Getting stuck on a certain part of this question:
Q. A manufacturer wants to produce one litre (1000ml) cans from as small a quantity of metal sheeting as possible to reduce costs.
What I've done so far:
I've shown that the height of the cylinder is:
$h=\displaystyle\frac{1000}{\pi r^2}$
I've shown that the total surface area is:
$A = 2\pi r^2+\displaystyle\frac{2000}{r} $
Derivative:
$A' = 4\pi r - 2000r^{-2}$
Then found the zero or the x coordinate of the minimum value:
$r=\left(\displaystyle\frac{500}{\pi}\right)^{\frac{1}{3}}$
I am now trying to sub
$r=\left(\displaystyle\frac{500}{\pi}\right)^{\frac{1}{3}}$ into $A = 2\pi r^2+\displaystyle\frac{2000}{r} $ to find the minimum surface area of the 1000ml can. I'm just getting stuck with the algebra.

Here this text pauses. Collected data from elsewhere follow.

Lemma no_inv2_homo : {homo w : a b / a < b}.
Proof.
move=> a b ab; case: (ltrP (w a) (w b)) => // wba; exfalso.
have [w_ab | w_nab] := eqVneq (w b %% n%:Z)%Z (w a %% n%:Z)%Z.
  move/(periodic_modz wK w_per): w_ab => /esym/eqz_mod_shift [k b_eq].
  have := periodicMz w_per a k; rewrite -b_eq.
  have : w b != w a by apply: contraTneq ab => /(can_inj wK) ->; rewrite ltxx.
  nia.
have wba' : w b < w a by rewrite lt_neqAle wba andbT; apply: contraNneq w_nab => ->.
by apply: (@no_inv2 (cls2 n (w b) (w a))); rewrite (is_inv2_cls2 n_gt1 wK gK w_per) // !wK.
Qed.

Lemma no_inv2_id : disp_sum n w 1 = 0 -> w =1 id.
Proof.
have w_shift := homo_bij_shift wK gK no_inv2_homo.
have -> : disp_sum n w 1 = w 0 * n%:Z.
  rewrite /disp_sum (eq_bigr (fun=> w 0)) => [|k _]; last by rewrite w_shift; lia.
  by rewrite sumr_const card_ord -mulr_natr natz.
by move/eqP; rewrite mulf_eq0 => /orP [/eqP w0 x | /eqP]; [rewrite w_shift w0 addr0 | lia].
Qed.

End NoInversions.

Section LastReflection.
Variables (n : nat) (w g : int -> int) (r : seq (int * int)) (x y : int).
Hypotheses (n_gt1 : (1 < n)%N) (wK : cancel w g) (gK : cancel g w) (w_per : periodic n w).
Let rho := rcons r (x, y).
Hypotheses (rho_uniq : uniq rho) (rho_inv2 : forall p, p \in rho <-> is_inv2 n w p).

Lemma mem_rho_cls2 a b : a < b -> (a %% n%:Z)%Z != (b %% n%:Z)%Z ->
  (cls2 n a b \in rho) = (g b < g a).
Proof.
move=> ab a_nb; have inv2_ab := is_inv2_cls2 n_gt1 wK gK w_per ab a_nb.
by apply/idP/idP => [/rho_inv2/inv2_ab | /inv2_ab/rho_inv2].
Qed.

Lemma last_inv2 : canonical2 n (x, y) /\ g y < g x.
Proof. by apply/(is_inv2E _ wK gK)/rho_inv2; rewrite mem_rcons mem_head. Qed.

Lemma mem_belast p : (p \in r) = (p != (x, y)) && (p \in rho).
Proof.
move: rho_uniq; rewrite /rho rcons_uniq mem_rcons in_cons => /andP [xy_notin _].
by case: (eqVneq p (x, y)) => [-> | _]; rewrite ?(negPf xy_notin).
Qed.

Lemma mem_belast_cls2 a b : a < b -> (a %% n%:Z)%Z != (b %% n%:Z)%Z ->
  (cls2 n a b \in r) = (cls2 n a b != (x, y)) && (g b < g a).
Proof. by move=> ab a_nb; rewrite mem_belast mem_rho_cls2. Qed.

Lemma belast_inv2 (i : 'I_n) : cls2 n (w (i : nat)%:Z) (w ((i : nat)%:Z + 1)) = (x, y) ->
  forall p, p \in r <-> is_inv2 n (w \o sgen i) p.
Proof.
move=> c_xy p; rewrite mem_belast (is_inv2_sgen i n_gt1 wK gK w_per) c_xy.
case: eqP => [-> | _] /=; last exact: rho_inv2.
have xy_inv : is_inv2 n w (x, y) by apply/rho_inv2; rewrite mem_rcons mem_head.
by split=> // /(_ xy_inv).
Qed.

Hypothesis rho_pairs : cond_pairs n rho.

Lemma last_le : g x <= g y + n%:Z.
Proof.
have [[_ [xy x_ny]] gyx] := last_inv2; rewrite /= in xy x_ny.
rewrite leNgt; apply/negP => gx_far.
set x' := x + (-1) * n%:Z; set y' := y + (-1) * n%:Z.
have x'y' : x' < y' by lia.
have x'_ny' : (x' %% n%:Z)%Z != (y' %% n%:Z)%Z by rewrite !modzDMr.
have x'_ny : (x' %% n%:Z)%Z != (y %% n%:Z)%Z by rewrite !modzDMr.
have := rho_pairs x'y' x'_ny'; rewrite (_ : y' + n%:Z = y); last by lia.
rewrite cls2_shift // (cls2_canonical (proj1 last_inv2)).
have xy_in : (x, y) \in rho by rewrite mem_rcons mem_head.
have D_in : cls2 n x' y \in rho.
  by rewrite mem_rho_cls2 //; [rewrite (periodicMz (periodic_inv wK gK w_per)); lia | lia].
move=> /(_ xy_in D_in).
have := index_mem (cls2 n x' y) rho; rewrite D_in size_rcons ltnS.
have idx_last : index (x, y) rho = size r.
  move: rho_uniq; rewrite /rho rcons_uniq => /andP [xy_notin _].
  by rewrite -cats1 index_cat (negPf xy_notin) /= eqxx addn0.
by rewrite idx_last => D_le; rewrite ltnNge D_le.
Qed.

The answer I get is $A = 3000\left(\displaystyle\frac{500}{\pi}\right)^{\frac{-1}{3}}$ which is correct because I graphed it using a graphing calculator and both give $553.581$
The answer in the back of the book gives $A=6\pi\left(\displaystyle\frac{500}{\pi}\right)^{\frac{2}{3}} $
Can someone please show me the steps to get the answer in the back of the book when subbing $r$ into $A$
Your answers are both correct and identical. Since $-1/3=2/3-1$: $$A= 3000 \left(\frac{500}{\pi}\right)^{-1/3} = 3000 \left(\frac{500}{\pi}\right)^{-1}\left(\frac{500}{\pi}\right)^{2/3} = 3000 \left(\frac{\pi}{500}\right)\left(\frac{500}{\pi}\right)^{2/3} $$ $$=6\pi\left(\frac{500}{\pi}\right)^{2/3}$$